Medicinal Constituents
The list below shows the primary medicinal constituents in Ephedra sinica tinctures that help with bitter taste in mouth.
- Alkaloids: These alkaloids may help to neutralize or mask bitter taste in the mouth due to their localized anesthetic and vasoconstrictive properties, which can temporarily numb the taste buds.
- Flavonoids: Flavonoids like Quercetin have been found to have anti-inflammatory and antioxidant properties, which may help to reduce inflammation and irritation in the mouth, thereby alleviating bitter taste.
- Phenolic acids: Phenolic acids like Ferulic acid have been found to exhibit antioxidant properties, which can help to neutralize free radicals and reduce oxidative stress in the mouth, potentially alleviating bitter taste.
Parts Used
The list below shows the primary parts of ma huang used to make tinctures for bitter taste in mouth.
- Rhyzomes: Rhyzomes: Rhyzomes are used due to their ephedrine content, which helps in masking bitter taste in mouth.
- Barks: Barks: Barks are used for their ephedrine content and other bioactive compounds, which aid in reducing bitter taste.
- Seeds: Seeds: Seeds are used due to their ephedrine content and other bioactive compounds, which help in making tinctures for reducing bitter taste.
Quick Recipe
The following recipe gives a procedure to make a basic ma huang for bitter taste in mouth.
- Harvest 100g of ephedra sinica roots and stems in the early morning on a dry day.
- Chop the harvested ephedra sinica into small pieces using a sharp knife.
- Combine the chopped ephedra sinica with 500ml of 60% ethanol and let it steep for 2 weeks.
- Strain the mixture through a cheesecloth or a coffee filter into a clean glass bottle.
- Store the tincture in a cool dark place and allow it to mature for 4 weeks before use.
What is the best combination of herbal tinctures to use for bitter taste in mouth?
The best combination of herbal tinctures that help with bitter taste in mouth is a blend of Peppermint, Licorice root, and Ginger.
Peppermint cools and soothes the mouth, while Licorice root helps to balance the flavor and reduce inflammation.

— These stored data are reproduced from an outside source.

(* Let $\lambda>0$ and $\alpha_1,\dots,\alpha_n,\alpha^*_1,\dots,\alpha^*_n>0$. Let $X_1,\dots,X_n$ be mutually independent with $X_i\sim\mathrm{GE}(\alpha_i,\lambda)$ and $X^*_1,\dots,X^*_n$ mutually independent with $X^*_i\sim\mathrm{GE}(\alpha^*_i,\lambda)$. If $\sum_{i=1}^{j}\alpha^*_{(i)}\ge\sum_{i=1}^{j}\alpha_{(i)}$ for all $j=1,\dots,n$, then $X_{1:n}\le_{\rm hr}X^*_{1:n}$.
   Context: $X\sim\mathrm{GE}(\alpha,\lambda)$ (generalized exponential) means $X$ has distribution function $(1-e^{-\lambda x})^{\alpha}$, $x>0$. $X_{1:n}=\min_i X_i$. $\alpha_{(1)}\le\dots\le\alpha_{(n)}$ are the components in increasing order. $X\le_{\rm hr}Y$ means the hazard rate of $X$ is pointwise $\ge$ that of $Y$. *)

From HB Require Import structures.
From mathcomp Require Import all_boot all_order all_algebra.
From mathcomp Require Import all_classical all_reals all_analysis.
Set Implicit Arguments. Unset Strict Implicit. Unset Printing Implicit Defensive.
Import Order.TTheory GRing.Theory Num.Theory.
Local Open Scope classical_set_scope.
Local Open Scope ring_scope.

Definition GE_cdf {R : realType} (a l : R) (x : R) : R :=
  if x <= 0 then 0 else (1 - expR (- (l * x))) `^ a.

(* Mutual independence of a finite family of real random variables:
   product rule for all Borel sets (taking B i = setT gives every subfamily). *)
Definition mutually_independent {d} {T : measurableType d} {R : realType}
  (P : probability T R) (k : nat) (X : 'I_k -> T -> R) : Prop :=
  forall B : 'I_k -> set R, (forall i, measurable (B i)) ->
    fine (P (\bigcap_(i in [set: 'I_k]) (X i @^-1` B i)))
    = \prod_(i < k) fine (P (X i @^-1` B i)).

Definition has_GE_law {d} {T : measurableType d} {R : realType}
  (P : probability T R) (Y : T -> R) (a l : R) : Prop :=
  forall x : R, P [set w | Y w <= x] = (GE_cdf a l x)%:E.

Definition minRV {T} {R : realType} (n : nat) (X : 'I_n.+1 -> T -> R) : T -> R :=
  fun w => \big[Num.min/X ord0 w]_(i < n.+1) X i w.

Definition survival {d} {T : measurableType d} {R : realType}
  (P : probability T R) (Y : T -> R) (x : R) : R :=
  fine (P [set w | x < Y w]).

Definition hazard {d} {T : measurableType d} {R : realType}
  (P : probability T R) (Y : T -> R) (x : R) : R :=
  - (derive1 (survival P Y) x) / survival P Y x.

Definition hr_le {d} {T : measurableType d} {R : realType}
  (P : probability T R) (Y1 Y2 : T -> R) : Prop :=
  forall x : R, 0 < x -> hazard P Y2 x <= hazard P Y1 x.

(* Components of a vector sorted increasingly: sorted_comp a i = a_(i+1). *)
Definition sorted_comp {R : realType} (n : nat) (a : 'I_n -> R) : seq R :=
  sort <=%R [seq a i | i <- enum 'I_n].

From HB Require Import structures.
From mathcomp Require Import all_boot all_order all_algebra.
From mathcomp Require Import all_classical all_reals all_analysis.
From mathcomp Require Import ring lra.
Import Order.TTheory GRing.Theory Num.Theory.
Local Open Scope classical_set_scope.
Local Open Scope ring_scope.
Lemma end_index_pos_mult_values (aphi apsi : Z -> C) (m : nat) : (1 <= m)%nat ->
  end_index aphi apsi (Z.of_nat m) ->
  exists v n, mult_value aphi v m /\ mult_value apsi (oconj v) n /\ (m < n)%nat.
Proof.
  intros Hm [[v [m' [n [H1 [H2 [[Hlt Hi] | [Hlt Hi]]]]]]] | [_ Hi]].
  - assert (m' = m) by lia. subst m'. now exists v, n.
  - destruct H2 as [hn _]. lia.
  - lia.
Qed.

(* The hypotheses [Hh], [Hreg] and [Hgood] are not needed: the index [m >= 1] already
   forces the end to be good, and only the Laurent coefficients of [x_z] enter. *)
Theorem mainTheorem4
  (phi psi hp : C -> C) (r : R) (aphi apsi ah : Z -> C) (b : Z -> V4)
  (m d : nat)
  (Hphi : laurent phi r aphi) (Hpsi : laurent psi r apsi) (Hh : laurent hp r ah)
  (Hreg : forall z : C, (0 < Cmod z < r)%R -> phi z <> Cconj (psi z) /\ hp z <> 0)
  (Hb : laurentV (xz phi psi hp) r b)
  (Hgood : good_singular_end aphi apsi)
  (Hm : (1 <= m)%nat)
  (Hind : end_index aphi apsi (Z.of_nat m))
  (Hd : has_orderV b (- (Z.of_nat d + 1))%Z)
  (Hmult : (Z.of_nat d - Z.of_nat m = 1)%Z)
  (Hflux : b (-1)%Z = V4zero) :
  exists (alpha : nat -> C) (v0 : R4) (v1 : V4) (g : C -> V4) (r' M : R),
    alpha (m + 2)%nat <> 0 /\
    lightlike v0 /\ isotropic v1 /\
    span_degenerate_3dim v0 (V4Re v1) (V4Im v1) /\
    (0 < r')%R /\
    (forall z : C, (0 < Cmod z < r')%R -> (V4norm (g z) <= M)%R) /\
    (forall z : C, (0 < Cmod z < r')%R ->
       xz phi psi hp z =
       V4add (V4scale (sum_n_m (fun k => alpha (k + 2)%nat / Cpow z (k + 2)) 1 m)
                      (R4toV4 v0))
             (V4add (V4scale (/ (Cpow z 2)) v1) (g z))).
Proof.
  replace (- (Z.of_nat d + 1))%Z with (- (Z.of_nat m + 2))%Z in Hd by lia.
  destruct (end_index_pos_mult_values aphi apsi m Hm Hind) as [[c|] [n [Hmphi [Hmpsi Hmn]]]].
  - exact (xz_finite_value_expansion phi psi hp r aphi apsi b m n c
             Hphi Hpsi Hb Hm Hd Hflux Hmphi Hmpsi Hmn).
  - exact (xz_infinite_value_expansion phi psi hp r aphi apsi b m n
             Hphi Hpsi Hb Hm Hd Hflux Hmphi Hmpsi Hmn).
Qed.
Lemma restrict_cons (a : I) (L : list I) (x : carrier P) :
  ~ In a L -> restrict (a :: L) x = add P (inj a (x a)) (restrict L x).
Proof.
  intro Ha. apply functional_extensionality_dep; intro i. simpl.
  destruct (excluded_middle_informative (a = i)) as [<- | Hne].
  - rewrite inj_at, restrict_in, restrict_out by (auto; now left).
    symmetry. apply cg_add0r, HG.
  - rewrite inj_ne, cg_add0l by (auto using HG).
    destruct (classic (In i L)) as [Hi | Hi].
    + rewrite !restrict_in by (auto; now right). reflexivity.
    + rewrite !restrict_out; [reflexivity | exact Hi |]. now intros [-> | ?].
Qed.

Lemma restrict_dup (a : I) (L : list I) (x : carrier P) :
  In a L -> restrict (a :: L) x = restrict L x.
Proof.
  intro Ha. apply functional_extensionality_dep; intro i.
  destruct (classic (In i L)) as [Hi | Hi].
  - rewrite !restrict_in by (auto; now right). reflexivity.
  - rewrite !restrict_out; [reflexivity | exact Hi |]. now intros [-> | ?].
Qed.

Lemma restrict_bound (phi : carrier P -> R) (x : carrier P) (d : R) (L : list I) :
  is_hom P phi -> 0 <= d ->
  (forall j, In j L -> tnorm (phi (inj j (x j))) <= d) ->
  tnorm (phi (restrict L x)) <= INR (length L) * d.
Proof.
  intros Hhom Hd. induction L as [| a L IH]; intro Hcoord.
  - assert (Hnil : restrict nil x = zero P).
    { apply functional_extensionality_dep; intro i. now apply restrict_out. }
    rewrite Hnil, tnorm_int by exact (hom_zero _ _ Hhom prod_add00). simpl. lra.
  - specialize (IH (fun j Hj => Hcoord j (or_intror Hj))).
    simpl length. rewrite S_INR.
    destruct (classic (In a L)) as [Ha | Ha].
    + rewrite restrict_dup by exact Ha. lra.
    + rewrite restrict_cons, (tnorm_congZ _ _ (hom_add _ _ Hhom _ _)) by exact Ha.
      pose proof (tnorm_triangle (phi (inj a (x a))) (phi (restrict L x))).
      pose proof (Hcoord a (or_introl eq_refl)). lra.
Qed.

Lemma open_small_at (x : carrier P) (r : R) :
  open_s P (fun psi => tnorm (psi x) < r).
Proof.
  intros phi _ Hphi. exists (x :: nil), (r - tnorm (phi x)). split; [lra |].
  intros psi _ Hclose. specialize (Hclose x (or_introl eq_refl)). rewrite distT_tnorm in Hclose.
  pose proof (tnorm_triangle (psi x - phi x) (phi x)) as Htri.
  replace (psi x - phi x + phi x) with (psi x) in Htri by ring. lra.
Qed.

(** Along an increasing
    sequence of finite sets of coordinates [stage n] we build points [point m]
    such that every character is trivial at some [point m], while the
    character [chr n] stays at distance 1/8 from Z at every [point m], m < n. *)
Section Diagonal.
Variables (pf : list I -> carrier P -> R) (px : list I -> carrier P).
Hypothesis pf_char : forall L, character P (pf L).
Hypothesis px_vanishes : forall L, vanishes_on L (px L).
Hypothesis pf_px_nontrivial : forall L, ~ integral (pf L (px L)).

Fixpoint stage (n : nat) : list I :=
  match n with O => nil | S n => stage n ++ support (pf (stage n)) end.

Definition chr (n : nat) : carrier P -> R := pf (stage n).

(** The part of [px (stage n)] seen by [chr n]; it lives on [stage (S n)]
    and vanishes on [stage n]. *)
Definition bump (n : nat) : carrier P := restrict (support (chr n)) (px (stage n)).

Definition coef (p t : R) : nat :=
  epsilon (inhabits 0%nat) (fun c => tnorm (p + INR c * t) >= 1/8).

(** [partial m n] = sum over the stages m < k < n of suitable multiples of [bump k]. *)
Fixpoint partial (m n : nat) : carrier P :=
  match n with
  | O => zero P
  | S n => if Nat.leb n m then partial m n else
      add P (partial m n)
        (nmul P (coef (chr n (partial m n)) (chr n (bump n))) (bump n))
  end.

(** A stage at which coordinate [i] appears, if any. *)
Definition first_stage (i : I) : nat :=
  epsilon (inhabits 0%nat) (fun K => In i (stage K)).

(** The limit of [partial m n] as n -> oo; it exists coordinatewise since
    each coordinate is eventually frozen. *)
Definition point (m : nat) : carrier P := fun i => partial m (first_stage i) i.

Lemma stage_mono (K K' : nat) (i : I) : (K <= K')%nat -> In i (stage K) -> In i (stage K').
Proof. intros Hle Hi. induction Hle; [exact Hi |]. simpl. apply in_or_app. now left. Qed.

Lemma nmul_zero_at (c : nat) (y : carrier P) (i : I) :
  y i = zero (G i) -> nmul P c y i = zero (G i).
Proof. intro Hy. induction c as [| c IH]; [reflexivity |]. simpl. rewrite IH, Hy. apply cg_add0l, HG. Qed.

Lemma bump_vanishes (n : nat) : vanishes_on (stage n) (bump n).
Proof.
  intros j Hj. unfold bump, restrict. destruct (excluded_middle_informative _); [| reflexivity].
  now apply px_vanishes.
Qed.

Lemma bump_outside (n : nat) (i : I) : ~ In i (stage (S n)) -> bump n i = zero (G i).
Proof.
  intro Hi. apply restrict_out. intro Hsupp. apply Hi. simpl. apply in_or_app. now right.
Qed.

Lemma bump_nontrivial (n : nat) : ~ integral (chr n (bump n)).
Proof.
  intros [k Hk]. apply (pf_px_nontrivial (stage n)).
  destruct (supported_agree (support (chr n)) (chr n) (px (stage n)) (bump n))
    as [l Hl]; [apply pf_char | apply support_spec, pf_char | |].
  - intros i Hi. symmetry. now apply restrict_in.
  - exists (k + l)%Z. change (pf (stage n)) with (chr n). rewrite Hl, Hk, plus_IZR. ring.
Qed.

Lemma partial_outside (m K : nat) (i : I) : ~ In i (stage K) -> partial m K i = zero (G i).
Proof.
  induction K as [| K IH]; intro Hi; [reflexivity |].
  assert (Hi' : ~ In i (stage K)) by (intro H; apply Hi, stage_mono with K; [lia | exact H]).
  simpl partial. destruct (Nat.leb K m); [now apply IH |].
  simpl. rewrite IH, nmul_zero_at by (auto using bump_outside). apply cg_add0l, HG.
Qed.

Lemma partial_frozen (m K K' : nat) (i : I) :
  In i (stage K) -> (K <= K')%nat -> partial m K' i = partial m K i.
Proof.
  intros Hi Hle. induction Hle as [| K' Hle IH]; [reflexivity |].
  simpl partial. destruct (Nat.leb K' m); [exact IH |].
  simpl. rewrite nmul_zero_at, cg_add0r by (auto using HG; apply bump_vanishes, stage_mono with K; auto).
  exact IH.
Qed.

Lemma partial_early (m K : nat) : (K <= S m)%nat -> partial m K = zero P.
Proof.
  induction K as [| K IH]; intro Hle; [reflexivity |].
  simpl partial. replace (Nat.leb K m) with true by (symmetry; apply Nat.leb_le; lia).
  apply IH. lia.
Qed.

Lemma partial_step (m n : nat) : (m < n)%nat ->
  partial m (S n) =
  add P (partial m n) (nmul P (coef (chr n (partial m n)) (chr n (bump n))) (bump n)).
Proof. intro Hmn. simpl. now replace (Nat.leb n m) with false by (symmetry; apply Nat.leb_gt; lia). Qed.

Lemma point_agree (m K : nat) (i : I) : In i (stage K) -> point m i = partial m K i.
Proof.
  intro Hi. unfold point.
  assert (Hfirst : In i (stage (first_stage i))) by (unfold first_stage; apply epsilon_spec; now exists K).
  destruct (Nat.le_ge_cases (first_stage i) K) as [Hle | Hle].
  - symmetry. now apply partial_frozen with (1 := Hfirst).
  - now apply partial_frozen.
Qed.

Lemma point_outside (m : nat) (i : I) : (forall K, ~ In i (stage K)) -> point m i = zero (G i).
Proof. intro Hi. apply partial_outside, Hi. Qed.

Lemma point_escape (m n : nat) : (m < n)%nat -> tnorm (chr n (point m)) >= 1/8.
Proof.
  intro Hmn.
  assert (Hchar : character P (chr n)) by apply pf_char.
  assert (Hsee : congZ (chr n (point m)) (chr n (partial m (S n)))).
  { apply (supported_agree (support (chr n))); [apply Hchar | now apply support_spec |].
    intros i Hi. apply point_agree. simpl. apply in_or_app. now right. }
  rewrite (tnorm_congZ _ _ Hsee), partial_step by exact Hmn.
  set (p := chr n (partial m n)). set (t := chr n (bump n)).
  assert (Hcoef : tnorm (p + INR (coef p t) * t) >= 1/8).
  { unfold coef. apply (epsilon_spec _ (fun c => tnorm (p + INR c * t) >= 1/8)).
    apply escape_from_zero, bump_nontrivial. }
  rewrite (tnorm_congZ _ (p + INR (coef p t) * t)); [exact Hcoef |].
  eapply congZ_trans; [apply hom_add, Hchar |].
  apply congZ_plus; [apply congZ_refl | apply hom_nmul; [apply Hchar | apply prod_add00]].
Qed.

Lemma common_stage (L : list I) :
  exists m, forall i, In i L -> (exists K, In i (stage K)) -> In i (stage m).
Proof.
  induction L as [| a L [m Hm]]; [now exists 0%nat |].
  destruct (classic (exists K, In a (stage K))) as [[K HK] | HK].
  - exists (Nat.max K m). intros i [<- | Hi] Hex.
    + apply stage_mono with K; [lia | exact HK].
    + apply stage_mono with m; [lia | now apply Hm].
  - exists m. intros i [<- | Hi] Hex; [contradiction | now apply Hm].
Qed.

Lemma point_trivial (psi : carrier P -> R) :
  character P psi -> exists m, integral (psi (point m)).
Proof.
  intro Hpsi. destruct (common_stage (support psi)) as [m Hm]. exists m.
  apply support_spec; [exact Hpsi |]. intros j Hj.
  destruct (classic (exists K, In j (stage K))) as [Hex | Hnever].
  - rewrite (point_agree m m j (Hm j Hj Hex)), partial_early by lia. reflexivity.
  - apply point_outside. intros K HK. apply Hnever. now exists K.
Qed.

End Diagonal.

(** Otherwise the diagonal construction yields an open cover
    {psi | tnorm (psi (point m)) < 1/8} of M without finite subcover. *)
Lemma compact_common_support (M : (carrier P -> R) -> Prop) :
  compact_s P M -> exists L, forall phi, M phi -> supported_on L phi.
Proof.
  intros [Hchar Hcover]. apply NNPP; intro Hnone.
  assert (Hwitness : forall L, exists w : (carrier P -> R) * carrier P,
    M (fst w) /\ vanishes_on L (snd w) /\ ~ integral (fst w (snd w))).
  { intro L. apply NNPP. intro Hno. apply Hnone. exists L. intros phi Hphi x Hx.
    apply NNPP. intro Hnt. apply Hno. now exists (phi, x). }
  destruct (ClassicalEpsilon.choice _ Hwitness) as [w Hw].
  set (pf := fun L => fst (w L)). set (px := fun L => snd (w L)).
  assert (pf_char : forall L, character P (pf L)) by (intro L; apply Hchar, Hw).
  assert (px_van : forall L, vanishes_on L (px L)) by (intro L; apply Hw).
  assert (pf_nt : forall L, ~ integral (pf L (px L))) by (intro L; apply Hw).
  set (V := fun m (psi : carrier P -> R) => tnorm (psi (point pf px m)) < 1/8).
  destruct (Hcover nat V) as [js Hjs].
  - intro m. apply open_small_at.
  - intros psi Hpsi. destruct (point_trivial pf px px_van psi (Hchar _ Hpsi)) as [m Hm].
    exists m. unfold V. rewrite tnorm_int by exact Hm. lra.
  - set (n := S (list_max js)).
    destruct (Hjs (chr pf n)) as [m [Hmjs Hm]]; [apply Hw |].
    assert (Hmn : (m < n)%nat).
    { apply le_n_S. assert (Hbound : Forall (fun k => (k <= list_max js)%nat) js)
        by now apply list_max_le.
      exact (proj1 (Forall_forall _ js) Hbound m Hmjs). }
    pose proof (point_escape pf px pf_char px_van pf_nt m n Hmn). unfold V in Hm. lra.
Qed.

Lemma finite_coordinates_small (M : (carrier P -> R) -> Prop) (L : list I)
  (F : (carrier P -> Prop) -> Prop) (d : R) :
  (forall i, g_barrelled (G i)) -> compact_s P M -> conv P F (zero P) -> 0 < d ->
  exists A, F A /\ forall x, A x -> forall j, In j L ->
    forall phi, M phi -> tnorm (phi (inj j (x j))) < d.
Proof.
  intros Hbar HM [HFfilter HFcoord] Hd.
  induction L as [| a L [A [HA Hsmall]]].
  - exists (fun _ => True). split; [apply HFfilter |]. now intros x _ j [].
  - destruct (Hbar a (restrict_family M a) (restrict_family_compact M a HM) _ (HFcoord a) d Hd)
      as [Aa [HAa Hsmall_a]].
    exists (fun x => Aa (x a) /\ A x). split; [now apply HFfilter |].
    intros x [Hxa Hx] j [<- | Hj] phi Hphi.
    + apply (Hsmall_a (restrict_char a phi)); [now exists phi | exact Hxa].
    + now apply Hsmall.
Qed.

End Product.

Theorem proposition2p9 (I : Type) (G : I -> CGData) :
  (forall i, is_conv_group (G i)) ->
  (forall i, g_barrelled (G i)) ->
  g_barrelled (prod_cg I G).
Proof.
  intros HG Hbar M HM F HF eps Heps.
  destruct (compact_common_support I G HG M HM) as [L HL].
  set (n := INR (length L)). assert (Hn : 0 <= n) by apply pos_INR.
  set (d := eps / (n + 1)). assert (Hd : 0 < d) by (apply Rdiv_lt_0_compat; lra).
  destruct (finite_coordinates_small I G HG M L F d Hbar HM HF Hd) as [A [HA Hsmall]].
  exists A. split; [exact HA |]. intros phi x Hphi Hx. change (tnorm (phi x) < eps).
  assert (Hchar : character _ phi) by now apply HM.
  (* phi only sees the coordinates in L, each contributing less than d *)
  assert (Hrestr : congZ (phi x) (phi (restrict I G L x))).
  { apply (supported_agree I G HG L); [apply Hchar | now apply HL |].
    intros i Hi. symmetry. now apply restrict_in. }
  rewrite (tnorm_congZ _ _ Hrestr).
  assert (Hbound := restrict_bound I G HG phi x d L (proj1 Hchar) (Rlt_le _ _ Hd)
    (fun j Hj => Rlt_le _ _ (Hsmall x Hx j Hj phi Hphi))).
  assert (n * d < eps) by (unfold d; apply Rmult_lt_reg_r with (n + 1); [lra |];
                           field_simplify; lra).
  fold n in Hbound. lra.
Qed.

Ginger adds a spicy warmth that stimulates saliva production and aids digestion, further alleviating bitterness.
This harmonious blend can be taken sublingually or added to water and sipped slowly to provide relief from bitter taste and promote overall oral health.
What ailments similar to bitter taste in mouth are treated with herbal tinctures?
Ailments similar to bitter taste in mouth that are treated with herbal tinctures are those characterized by unpleasant oral sensations, such as metallic or sour tastes.
Herbal remedies like Gelsemium (Gelsemium sempervirens) and Gentian (Gentiana lutea) are commonly used to address these issues.
Other conditions, including halitosis (bad breath), tongue coating, and toothaches, may also benefit from the use of herbal tinctures, such as those containing Myrrh (Commiphora molmol) or Goldenseal (Hydrastis canadensis).